Collected data
(* Let $0<m<1$, $\mu>0$, $f$ smooth, $u_->u_+=0$, $s=\frac{f(u_+)-f(u_-)}{u_+-u_-}$ with $f'(u_+)<s<f'(u_-)$, and let $U$ be a monotonically decreasing viscous shock profile, i.e. $-sU'+f(U)'=\mu(U^m)''$ with $U(-\infty)=u_-$, $U(+\infty)=u_+$. Then there is a constant $C>0$ such that for all $\xi\in\mathbb{R}$, $$|U_\xi(\xi)|\le CU(\xi)^{2-m},\qquad |U_{\xi\xi}(\xi)|\le CU(\xi)^{3-2m}.$$ *)

From Stdlib Require Import Reals.
From Coquelicot Require Import Coquelicot.
Open Scope R_scope.

Definition smooth (f : R -> R) : Prop := forall (k : nat) (x : R), ex_derive_n f k x.

(* Integrating the profile equation once gives mu (U^m)' = f(U) - s U - K.  Since U^m is
   positive and decreasing, (U^m)' can only converge to 0 at +oo, which forces K = f(0).  Hence U
   solves the autonomous equation U' = U^(1-m) h(U) with h(v) = (f(v) - f(0) - s v) / (mu m).
   As h(0) = 0 and h is C^1, |h(v)| <= B v and |h'(v)| <= B on (0, u_-], so |U'| <= B U^(2-m);
   differentiating the autonomous equation, U'' = G'(U) U' with G(v) = v^(1-m) h(v) and
   |G'(v)| <= (2-m) B v^(1-m), which gives the second bound. *)

From Stdlib Require Import Reals Lra.
From Coquelicot Require Import Coquelicot.
Open Scope R_scope.

Lemma decreasing_gt_lim_p_infty (U : R -> R) (l : R) :
  (forall x y, x < y -> U y < U x) -> is_lim U p_infty l -> forall x, l < U x.
Proof.
  intros Hdec Hlim x.
  assert (Hle : Rbar_le l (U (x + 1))).
  { apply (is_lim_le_loc U (fun _ => U (x + 1)) p_infty); [| exact Hlim | apply is_lim_const].
    exists (x + 1); intros y Hy; left; apply Hdec; exact Hy. }
  simpl in Hle. specialize (Hdec x (x + 1)). lra.
Qed.

Lemma decreasing_lt_lim_m_infty (U : R -> R) (l : R) :
  (forall x y, x < y -> U y < U x) -> is_lim U m_infty l -> forall x, U x < l.
Proof.
  intros Hdec Hlim x.
  assert (Hle : Rbar_le (U (x - 1)) l).
  { apply (is_lim_le_loc (fun _ => U (x - 1)) U m_infty); [| apply is_lim_const | exact Hlim].
    exists (x - 1); intros y Hy; left; apply Hdec; exact Hy. }
  simpl in Hle. specialize (Hdec (x - 1) x). lra.
Qed.

Lemma continuous_bounded_on_segment (g : R -> R) (a b : R) :
  (forall x, continuous g x) -> exists L, 0 < L /\ forall c, a <= c <= b -> Rabs (g c) <= L.
Proof.
  intros Hg.
  destruct (continuity_ab_maj (fun c => Rabs (g c)) a (Rmax a b) (Rmax_l a b)) as [x [Hx _]].
  { intros c _. apply continuity_pt_filterlim, continuous_Rabs_comp, Hg. }
  exists (Rabs (g x) + 1). split.
  - generalize (Rabs_pos (g x)). lra.
  - intros c Hc. assert (Rabs (g c) <= Rabs (g x)) by (apply Hx; generalize (Rmax_r a b); lra). lra.
Qed.

Lemma C1_vanishing_at_0_bounds (h : R -> R) (b : R) :
  (forall x, ex_derive h x) -> (forall x, continuous (Derive h) x) -> h 0 = 0 ->
  exists B, 0 < B /\ forall v, 0 < v <= b -> Rabs (h v) <= B * v /\ Rabs (Derive h v) <= B.
Proof.
  intros Hh Hh' Hh0.
  destruct (continuous_bounded_on_segment (Derive h) (- b) b Hh') as [B [HB HDh]].
  exists B. split; [exact HB|]. intros v Hv. split.
  - replace (h v) with (h v - h 0) by (rewrite Hh0; ring).
    replace v with (Rabs (v - 0)) at 2 by (rewrite Rminus_0_r; apply Rabs_right; lra).
    apply (bounded_variation h (Derive h)). intros t Ht. split.
    + apply Derive_correct, Hh.
    + apply HDh. rewrite !Rminus_0_r, (Rabs_right v) in Ht by lra. apply Rabs_le_between in Ht. lra.
  - apply HDh. lra.
Qed.

Definition chord_gap (f : R -> R) (s c v : R) : R := (f v - f 0 - s * v) / c.

Lemma ex_derive_chord_gap (f : R -> R) (s c v : R) :
  smooth f -> ex_derive (chord_gap f s c) v.
Proof. intros Hf. unfold chord_gap. auto_derive. exact (Hf 1%nat v). Qed.

Lemma chord_gap_bounds (f : R -> R) (s c b : R) :
  smooth f -> c <> 0 ->
  exists B, 0 < B /\ forall v, 0 < v <= b ->
    Rabs (chord_gap f s c v) <= B * v /\ Rabs (Derive (chord_gap f s c) v) <= B.
Proof.
  intros Hf Hc.
  apply C1_vanishing_at_0_bounds.
  - intros v. now apply ex_derive_chord_gap.
  - intros v. apply (continuous_ext (fun w => (Derive f w - s) / c)).
    + intros w. symmetry. apply is_derive_unique. unfold chord_gap.
      auto_derive; [exact (Hf 1%nat w) | change (fun x : R => f x) with f; field; exact Hc].
    + apply (@ex_derive_continuous R_AbsRing R_NormedModule). auto_derive. exact (Hf 2%nat v).
  - unfold chord_gap, Rdiv. ring.
Qed.

Lemma Rpower_gt_0 (x y : R) : 0 < Rpower x y.
Proof. apply exp_pos. Qed.

Lemma is_derive_Rpower_comp (U : R -> R) (a x : R) : 0 < U x -> ex_derive U x ->
  is_derive (fun y => Rpower (U y) a) x (a * Rpower (U x) (a - 1) * Derive U x).
Proof.
  intros HU HdU.
  replace (a * Rpower (U x) (a - 1) * Derive U x) with (scal (Derive U x) (a * Rpower (U x) (a - 1)))
    by (rewrite Rmult_comm; reflexivity).
  apply (is_derive_comp (fun v => Rpower v a)); [| now apply Derive_correct].
  now apply is_derive_Reals, derivable_pt_lim_power.
Qed.

Lemma is_lim_Derive_p_infty_nonincreasing (V : R -> R) (B d : R) :
  (forall x, ex_derive V x) -> (forall x, B <= V x) -> (forall x y, x < y -> V y <= V x) ->
  is_lim (Derive V) p_infty d -> d = 0.
Proof.
  intros HV HB Hdec Hlim.
  destruct (Req_dec d 0) as [|Hd]; [assumption | exfalso].
  assert (Hd' : 0 < Rabs d) by now apply Rabs_pos_lt.
  apply is_lim_spec in Hlim.
  destruct (Hlim (mkposreal (Rabs d / 2) ltac:(lra))) as [M HM]; simpl in HM.
  (* On [a, a + t] a slope below d / 2 < 0 would push V below B - 1. *)
  set (a := M + 1). set (t := 2 * (V a - B + 1) / Rabs d).
  assert (Ht : 0 < t) by (unfold t; generalize (HB a); intros; apply Rdiv_lt_0_compat; lra).
  destruct (MVT_cor2 V (Derive V) a (a + t)) as [z [Hz Hza]]; [lra | |].
  { intros c _. now apply is_derive_Reals, Derive_correct. }
  assert (Hdz := HM z ltac:(unfold a in *; lra)).
  replace (a + t - a) with t in Hz by ring.
  assert (V (a + t) <= V a) by (apply Hdec; lra).
  generalize (HB (a + t)); intros.
  assert (Et : Rabs d * t = 2 * (V a - B + 1)) by (unfold t; field; lra).
  apply Rabs_def2 in Hdz.
  destruct (Rtotal_order d 0) as [Hneg | [Hzero | Hpos]]; [| contradiction |].
  - rewrite Rabs_left in Hdz, Et by lra. nra.
  - rewrite Rabs_right in Hdz by lra. nra.
Qed.

Lemma profile_first_integral (m mu s : R) (f U : R -> R) :
  (forall x, ex_derive f x) -> (forall x, 0 < U x) -> (forall x, ex_derive U x) ->
  (forall x, ex_derive (Derive U) x) ->
  (forall x, - s * Derive U x + Derive (fun y => f (U y)) x
             = mu * Derive_n (fun y => Rpower (U y) m) 2 x) ->
  exists K, forall x, mu * Derive (fun y => Rpower (U y) m) x = f (U x) - s * U x - K.
Proof.
  intros Hf HU HU1 HU2 Hode.
  set (V := fun y => Rpower (U y) m) in *.
  assert (HDV : forall x, Derive V x = m * Rpower (U x) (m - 1) * Derive U x)
    by (intros x; apply is_derive_unique, is_derive_Rpower_comp; auto).
  assert (HV2 : forall x, ex_derive (Derive V) x).
  { intros x. apply (ex_derive_ext (fun t => m * Rpower (U t) (m - 1) * Derive U t)).
    - intros t. now rewrite HDV.
    - apply ex_derive_mult; [apply ex_derive_scal; eexists; now apply is_derive_Rpower_comp | apply HU2]. }
  set (phi := fun t => f (U t) - s * U t - mu * Derive V t).
  assert (Hphi : forall t, is_derive phi t 0).
  { intros t.
    replace 0 with (Derive (fun y => f (U y)) t - s * Derive U t - mu * Derive (Derive V) t)
      by (change (Derive (Derive V) t) with (Derive_n V 2 t); rewrite <- Hode; ring).
    apply (@is_derive_minus R_AbsRing R_NormedModule); [apply (@is_derive_minus R_AbsRing R_NormedModule)|].
    - apply Derive_correct, ex_derive_comp; auto.
    - apply is_derive_scal, Derive_correct; auto.
    - apply is_derive_scal, Derive_correct; auto. }
  exists (phi 0). intros x.
  assert (Hconst : Rabs (phi x - phi 0) <= 0 * Rabs (x - 0)).
  { apply (bounded_variation phi (fun _ => 0)). intros t _. rewrite Rabs_R0. split; [apply Hphi | lra]. }
  rewrite Rmult_0_l in Hconst. generalize (Rabs_pos (phi x - phi 0)); intros.
  assert (phi x - phi 0 = 0) by (apply Rabs_eq_0; lra).
  unfold phi in *. lra.
Qed.

Lemma profile_first_integral_constant (m mu s K : R) (f U : R -> R) :
  0 < m -> 0 < mu -> (forall x, ex_derive f x) -> (forall x, 0 < U x) ->
  (forall x, ex_derive U x) -> (forall x y, x < y -> U y < U x) -> is_lim U p_infty 0 ->
  (forall x, mu * Derive (fun y => Rpower (U y) m) x = f (U x) - s * U x - K) ->
  K = f 0.
Proof.
  intros Hm Hmu Hf HU HU1 Hdec Hlim HK.
  set (g := fun v => (f v - s * v - K) / mu).
  assert (Hg0 : g 0 = 0).
  { apply (is_lim_Derive_p_infty_nonincreasing (fun y => Rpower (U y) m) 0).
    - intros x. eexists. now apply is_derive_Rpower_comp.
    - intros x. left. apply Rpower_gt_0.
    - intros x y Hxy. apply Rle_Rpower_l; [lra |]. split; [apply HU | left; now apply Hdec].
    - apply (is_lim_ext (fun x => g (U x))).
      + intros x. unfold g. rewrite <- HK. field. lra.
      + apply is_lim_comp_continuous; [exact Hlim |].
        apply (@ex_derive_continuous R_AbsRing R_NormedModule). unfold g. auto_derive; auto. }
  assert (E : f 0 - s * 0 - K = mu * g 0) by (unfold g; field; lra).
  rewrite Hg0 in E. lra.
Qed.

Lemma profile_autonomous_ode (m mu s : R) (f U : R -> R) :
  0 < m -> 0 < mu -> (forall x, ex_derive f x) -> (forall x, 0 < U x) ->
  (forall x, ex_derive U x) -> (forall x, ex_derive (Derive U) x) ->
  (forall x y, x < y -> U y < U x) -> is_lim U p_infty 0 ->
  (forall x, - s * Derive U x + Derive (fun y => f (U y)) x
             = mu * Derive_n (fun y => Rpower (U y) m) 2 x) ->
  forall x, Derive U x = Rpower (U x) (1 - m) * chord_gap f s (mu * m) (U x).
Proof.
  intros Hm Hmu Hf HU HU1 HU2 Hdec Hlim Hode. unfold chord_gap.
  destruct (profile_first_integral m mu s f U Hf HU HU1 HU2 Hode) as [K HK].
  rewrite <- (profile_first_integral_constant m mu s K f U Hm Hmu Hf HU HU1 Hdec Hlim HK).
  intros x. specialize (HK x).
  replace (Derive (fun y => Rpower (U y) m) x) with (m * Rpower (U x) (m - 1) * Derive U x) in HK
    by (symmetry; apply is_derive_unique, is_derive_Rpower_comp; auto).
  assert (Hinv : Rpower (U x) (1 - m) * Rpower (U x) (m - 1) = 1).
  { rewrite <- Rpower_plus. replace (1 - m + (m - 1)) with 0 by ring. apply Rpower_O, HU. }
  replace (f (U x) - K - s * U x) with (mu * (m * Rpower (U x) (m - 1) * Derive U x))
    by (rewrite HK; ring).
  transitivity (Rpower (U x) (1 - m) * Rpower (U x) (m - 1) * Derive U x).
  - rewrite Hinv. ring.
  - field. lra.
Qed.

Lemma Derive_n2_autonomous (U G : R -> R) (x : R) :
  (forall y, Derive U y = G (U y)) -> ex_derive U x -> ex_derive G (U x) ->
  Derive_n U 2 x = Derive G (U x) * Derive U x.
Proof.
  intros HUG HU HG.
  change (Derive_n U 2 x) with (Derive (Derive U) x).
  rewrite (Derive_ext _ _ x HUG), Derive_comp by assumption. ring.
Qed.

Lemma Rpower_mul_abs_le (h : R -> R) (p B v : R) :
  0 < v -> Rabs (h v) <= B * v -> Rabs (Rpower v p * h v) <= B * Rpower v (p + 1).
Proof.
  intros Hv Hh.
  rewrite Rpower_plus, Rpower_1, Rabs_mult, (Rabs_right (Rpower v p)) by (auto; left; apply Rpower_gt_0).
  generalize (Rpower_gt_0 v p). nra.
Qed.

Lemma Derive_Rpower_mul_abs_le (h : R -> R) (p B v : R) :
  0 <= p -> 0 < v -> ex_derive h v -> Rabs (h v) <= B * v -> Rabs (Derive h v) <= B ->
  Rabs (Derive (fun w => Rpower w p * h w) v) <= (p + 1) * B * Rpower v p.
Proof.
  intros Hp Hv Hh Hhv Hdh.
  assert (Hpow : is_derive (fun w => Rpower w p) v (p * Rpower v (p - 1)))
    by now apply is_derive_Reals, derivable_pt_lim_power.
  rewrite Derive_mult by (auto; eexists; exact Hpow).
  replace (Derive (fun w => Rpower w p) v) with (p * Rpower v (p - 1)) by (symmetry; now apply is_derive_unique).
  assert (Hv1 : Rpower v (p - 1) * v = Rpower v p).
  { rewrite <- (Rpower_1 v) at 2 by exact Hv. rewrite <- Rpower_plus. f_equal. ring. }
  generalize (Rpower_gt_0 v p) (Rpower_gt_0 v (p - 1)); intros.
  eapply Rle_trans; [apply Rabs_triang|].
  rewrite !Rabs_mult, (Rabs_right p), (Rabs_right (Rpower v (p - 1))), (Rabs_right (Rpower v p)) by lra.
  assert (p * Rpower v (p - 1) * Rabs (h v) <= p * Rpower v (p - 1) * (B * v))
    by (apply Rmult_le_compat_l; nra).
  assert (Rpower v p * Rabs (Derive h v) <= Rpower v p * B) by (apply Rmult_le_compat_l; lra).
  nra.
Qed.

Lemma autonomous_power_bounds (U h : R -> R) (p B x : R) :
  0 <= p -> 0 < U x -> ex_derive U x -> ex_derive h (U x) ->
  (forall y, Derive U y = Rpower (U y) p * h (U y)) ->
  Rabs (h (U x)) <= B * U x -> Rabs (Derive h (U x)) <= B ->
  Rabs (Derive U x) <= B * Rpower (U x) (p + 1) /\
  Rabs (Derive_n U 2 x) <= (p + 1) * B ^ 2 * Rpower (U x) (p + (p + 1)).
Proof.
  intros Hp HUx HU1 Hh HUG Hhu Hdhu.
  set (G := fun w => Rpower w p * h w).
  assert (HU' : Rabs (Derive U x) <= B * Rpower (U x) (p + 1))
    by (rewrite HUG; now apply Rpower_mul_abs_le).
  split; [exact HU' |].
  rewrite (Derive_n2_autonomous U G x HUG HU1).
  2: { apply ex_derive_mult; [eexists; now apply is_derive_Reals, derivable_pt_lim_power | exact Hh]. }
  rewrite Rabs_mult, Rpower_plus.
  apply (Rle_trans _ ((p + 1) * B * Rpower (U x) p * (B * Rpower (U x) (p + 1)))); [| right; ring].
  apply Rmult_le_compat; auto using Rabs_pos.
  now apply Derive_Rpower_mul_abs_le.
Qed.

Theorem lemma5p1 (m mu : R) (f : R -> R) (u_minus s : R) (U : R -> R)
  (hm0 : 0 < m) (hm1 : m < 1) (hmu : 0 < mu)
  (hf : smooth f)
  (hum : 0 < u_minus)
  (hs : s = (f 0 - f u_minus) / (0 - u_minus))
  (hLax1 : Derive f 0 < s) (hLax2 : s < Derive f u_minus)
  (hU1 : forall x, ex_derive U x)
  (hU2 : forall x, ex_derive (Derive U) x)
  (hdec : forall x y, x < y -> U y < U x)
  (hode : forall x,
      - s * Derive U x + Derive (fun y => f (U y)) x
      = mu * Derive_n (fun y => Rpower (U y) m) 2 x)
  (hlimm : is_lim U m_infty u_minus)
  (hlimp : is_lim U p_infty 0) :
  exists C : R, 0 < C /\
    forall xi : R,
      Rabs (Derive U xi) <= C * Rpower (U xi) (2 - m) /\
      Rabs (Derive_n U 2 xi) <= C * Rpower (U xi) (3 - 2 * m).
Proof.
  assert (HU := decreasing_gt_lim_p_infty U 0 hdec hlimp).
  assert (HUm := decreasing_lt_lim_m_infty U u_minus hdec hlimm).
  assert (Hmum : mu * m <> 0) by (apply Rgt_not_eq, Rmult_lt_0_compat; assumption).
  destruct (chord_gap_bounds f s (mu * m) u_minus hf Hmum) as [B [HB Hgap]].
  assert (HUG : forall x, Derive U x = Rpower (U x) (1 - m) * chord_gap f s (mu * m) (U x))
    by exact (profile_autonomous_ode m mu s f U hm0 hmu (fun x => hf 1%nat x) HU hU1 hU2 hdec hlimp hode).
  exists (B + 2 * B ^ 2). split; [nra |].
  intros xi.
  destruct (Hgap (U xi)) as [Hgu Hdgu]; [split; [apply HU | left; apply HUm] |].
  destruct (autonomous_power_bounds U (chord_gap f s (mu * m)) (1 - m) B xi) as [HU' HU''];
    [lra | apply HU | apply hU1 | now apply ex_derive_chord_gap | exact HUG | exact Hgu | exact Hdgu |].
  replace (1 - m + 1) with (2 - m) in HU', HU'' by ring.
  replace (1 - m + (2 - m)) with (3 - 2 * m) in HU'' by ring.
  split; [apply (Rle_trans _ _ _ HU') | apply (Rle_trans _ _ _ HU'')];
    apply Rmult_le_compat_r; solve [left; apply Rpower_gt_0 | nra].
Qed.
Lemma Un_cv_sqrt (u : nat -> R) : Un_cv u 0 -> Un_cv (fun n => sqrt (u n)) 0.
Proof. intros Hu. rewrite <- sqrt_0. apply continuity_seq; auto. apply continuity_pt_sqrt. lra. Qed.

Lemma Un_cv_inv_INR (c : nat -> nat) :
  (forall M, exists N, forall n, (N <= n)%nat -> (M <= c n)%nat) -> Un_cv (fun n => / INR (c n)) 0.
Proof.
  intros Hc eps Heps. destruct (archimed_cor1 eps Heps) as [M [HM HM0]]. destruct (Hc M) as [N HN].
  exists N. intros n Hn. specialize (HN n Hn).
  assert (0 < INR (c n)) by (apply lt_0_INR; lia).
  unfold Rdist. rewrite Rminus_0_r, Rabs_right by (left; apply Rinv_0_lt_compat; auto).
  apply Rle_lt_trans with (/ INR M); auto.
  apply Rinv_le_contravar; [apply lt_0_INR; lia | apply le_INR; auto].
Qed.

Definition nearest_prob (D1 D2 : R) (k : nat) : R :=
  match k with
  | 1%nat => if Rlt_dec D1 D2 then 1 else if Req_EM_T D1 D2 then 1/2 else 0
  | 2%nat => if Rlt_dec D2 D1 then 1 else if Req_EM_T D1 D2 then 1/2 else 0
  | _ => 0
  end.

Lemma nearest_prob_sum D1 D2 : nearest_prob D1 D2 1 + nearest_prob D1 D2 2 = 1.
Proof. unfold nearest_prob. destruct (Rlt_dec D1 D2), (Rlt_dec D2 D1), (Req_EM_T D1 D2); lra. Qed.

Lemma prob_U_nearest_prob w1 w2 d c j w k : (k = 1 \/ k = 2)%nat ->
  prob_U [w1; w2] d c j w k =
  nearest_prob (eucl_dist (block d c j w) (block d c j w1)) (eucl_dist (block d c j w) (block d c j w2)) k.
Proof.
  intros Hk. unfold prob_U, nearest_set, is_nearest, classes, dword; simpl.
  set (D1 := eucl_dist (block d c j w) (block d c j w1)).
  set (D2 := eucl_dist (block d c j w) (block d c j w2)).
  destruct Hk as [-> | ->]; simpl; fold D1 D2; unfold nearest_prob;
  destruct (Rle_dec D1 D1), (Rle_dec D1 D2), (Rle_dec D2 D1), (Rle_dec D2 D2),
    (Rlt_dec D1 D2), (Rlt_dec D2 D1), (Req_EM_T D1 D2); simpl; lra.
Qed.

Lemma prob_chi_given_majority_prob u : prob_chi_given 2 u 2 = majority_prob (votes u 1) (votes u 2).
Proof.
  unfold prob_chi_given, winners, is_winner, majority_prob; simpl. rewrite Nat.leb_refl; simpl.
  destruct (Nat.ltb_spec (votes u 1) (votes u 2)), (Nat.eqb_spec (votes u 1) (votes u 2)),
    (Nat.leb_spec (votes u 1) (votes u 2)), (Nat.leb_spec (votes u 2) (votes u 1));
  simpl; rewrite ?Nat.leb_refl; simpl; lia || lra.
Qed.

Lemma block_app_1 b c x y : length x = b -> block (b * S c) (S c) 1 (x ++ y) = x.
Proof.
  intros Hx. unfold block. rewrite Nat.div_mul by lia. simpl skipn.
  rewrite firstn_app, Hx, Nat.sub_diag, app_nil_r, <- Hx. apply firstn_all.
Qed.

Lemma block_app_S b c j x y : length x = b -> (1 <= j <= c)%nat ->
  block (b * S c) (S c) (S j) (x ++ y) = block (b * c) c j y.
Proof.
  intros Hx Hj. unfold block. rewrite !Nat.div_mul by lia.
  rewrite skipn_app, skipn_all2 by (rewrite Hx; nia). simpl app.
  do 2 f_equal. rewrite Hx. nia.
Qed.

Lemma cwprod_app a a' m m' : length a = length m -> cwprod (a ++ a') (m ++ m') = cwprod a m ++ cwprod a' m'.
Proof.
  revert m; induction a as [|x a IH]; intros m H; destruct m; simpl in *; try discriminate; auto.
  unfold cwprod in *; simpl. f_equal. apply IH. lia.
Qed.

Lemma cwprod_length a m : length a = length m -> length (cwprod a m) = length a.
Proof. intros H. unfold cwprod. rewrite length_map, length_combine. lia. Qed.

(* [E psi(#votes for class 1, #votes for class 2)] when [w] is cut into [c] blocks of length [b]. *)
Definition block_votes_expect (b c : nat) (w w1 w2 : list R) (psi : nat -> nat -> R) : R :=
  sumR (fun u => prodR (fun j => prob_U [w1; w2] (b * c) c j w (nth (j - 1) u 0%nat)) (seq 1 c)
                 * psi (votes u 1) (votes u 2))
       (words [1%nat; 2%nat] c).

Lemma prob_U_app_tail b c x x1 x2 y y1 y2 k u :
  length x = b -> length x1 = b -> length x2 = b -> In u (words [1%nat; 2%nat] c) ->
  prodR (fun j => prob_U [x1 ++ y1; x2 ++ y2] (b * S c) (S c) (S j) (x ++ y) (nth (S j - 1) (k :: u) 0%nat))
    (seq 1 c)
  = prodR (fun j => prob_U [y1; y2] (b * c) c j y (nth (j - 1) u 0%nat)) (seq 1 c).
Proof.
  intros Hx Hx1 Hx2 Hu. apply prodR_ext_in; intros j Hj. apply in_seq in Hj.
  replace (S j - 1)%nat with (S (j - 1)) by lia. simpl nth.
  assert (Hk : In (nth (j - 1) u 0%nat) [1%nat; 2%nat]) by (apply (words_nth_in _ c); auto; lia).
  assert (Hk' : (nth (j - 1) u 0 = 1 \/ nth (j - 1) u 0 = 2)%nat) by (simpl in Hk; intuition).
  rewrite !prob_U_nearest_prob by exact Hk'.
  rewrite !block_app_S by (auto; lia). reflexivity.
Qed.

Lemma block_votes_expect_S b c x x1 x2 y y1 y2 psi : length x = b -> length x1 = b -> length x2 = b ->
  block_votes_expect b (S c) (x ++ y) (x1 ++ y1) (x2 ++ y2) psi =
      nearest_prob (eucl_dist x x1) (eucl_dist x x2) 1 * block_votes_expect b c y y1 y2 (fun a v => psi (S a) v)
    + nearest_prob (eucl_dist x x1) (eucl_dist x x2) 2 * block_votes_expect b c y y1 y2 (fun a v => psi a (S v)).
Proof.
  intros Hx Hx1 Hx2. unfold block_votes_expect.
  rewrite sumR_words_S, sumR_pair, <- !sumR_scal.
  f_equal; apply sumR_ext_in; intros u Hu;
    rewrite prodR_seq_S, prob_U_app_tail, prob_U_nearest_prob, !block_app_1 by auto;
    cbn [nth Nat.sub]; unfold votes;
    simpl count_occ; ring.
Qed.

Definition block_error (rho : R) (b : nat) : R :=
  expect_modelA rho b (fun m1 m2 y0 y1 y2 =>
    nearest_prob (eucl_dist (cwprod y0 m1) (cwprod y1 m1)) (eucl_dist (cwprod y0 m1) (cwprod y2 m2)) 2).

Lemma block_correct_prob rho b :
  expect_modelA rho b (fun m1 m2 y0 y1 y2 =>
    nearest_prob (eucl_dist (cwprod y0 m1) (cwprod y1 m1)) (eucl_dist (cwprod y0 m1) (cwprod y2 m2)) 1)
  = 1 - block_error rho b.
Proof.
  transitivity (expect_modelA rho b (fun m1 m2 y0 y1 y2 => 1 * 1 + (-1) *
    nearest_prob (eucl_dist (cwprod y0 m1) (cwprod y1 m1)) (eucl_dist (cwprod y0 m1) (cwprod y2 m2)) 2)).
  - apply expect_modelA_ext_in; intros.
    match goal with |- context [nearest_prob ?D1 ?D2 2] => pose proof (nearest_prob_sum D1 D2) end. lra.
  - rewrite expect_modelA_lin, expect_modelA_const. unfold block_error. ring.
Qed.

(* The blocks use disjoint coordinates, hence their votes are i.i.d. with error [block_error rho b]. *)
Lemma expect_block_votes rho b c psi :
  expect_modelA rho (b * c) (fun m1 m2 y0 y1 y2 =>
    block_votes_expect b c (cwprod y0 m1) (cwprod y1 m1) (cwprod y2 m2) psi)
  = binom_expect (block_error rho b) c psi.
Proof.
  revert psi; induction c as [|c IH]; intros psi.
  - rewrite Nat.mul_0_r, expect_modelA_0. unfold block_votes_expect, sumR, prodR, votes; simpl. ring.
  - replace (b * S c)%nat with (b + b * c)%nat by lia. rewrite expect_modelA_app. cbn [binom_expect].
    set (V1 := binom_expect _ c (fun a v => psi (S a) v)).
    set (V2 := binom_expect _ c (fun a v => psi a (S v))).
    set (P k x1 x2 x3 x4 x5 := nearest_prob (eucl_dist (cwprod x3 x1) (cwprod x4 x1))
                                             (eucl_dist (cwprod x3 x1) (cwprod x5 x2)) k).
    transitivity (expect_modelA rho b (fun x1 x2 x3 x4 x5 =>
                    V1 * P 1%nat x1 x2 x3 x4 x5 + V2 * P 2%nat x1 x2 x3 x4 x5)).
    + apply expect_modelA_ext_in. intros x1 x2 x3 x4 x5 L1 L2 L3 L4 L5.
      unfold V1, V2. rewrite <- !IH, !(Rmult_comm (expect_modelA _ _ _)), <- expect_modelA_lin.
      apply expect_modelA_ext_in. intros y1 y2 y3 y4 y5 _ _ _ _ _.
      rewrite !cwprod_app by lia.
      rewrite block_votes_expect_S by (rewrite cwprod_length; lia). unfold P. ring.
    + rewrite expect_modelA_lin. unfold P. rewrite block_correct_prob. fold (block_error rho b). ring.
Qed.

What is needed: From the records above, quote only the lines running from the line with "smooth f -> c <> 0 ->" to the line with "- intros v. apply", both lines included.

Solution below:
  smooth f -> c <> 0 ->
  exists B, 0 < B /\ forall v, 0 < v <= b ->
    Rabs (chord_gap f s c v) <= B * v /\ Rabs (Derive (chord_gap f s c) v) <= B.
Proof.
  intros Hf Hc.
  apply C1_vanishing_at_0_bounds.
  - intros v. now apply ex_derive_chord_gap.
  - intros v. apply (continuous_ext (fun w => (Derive f w - s) / c)).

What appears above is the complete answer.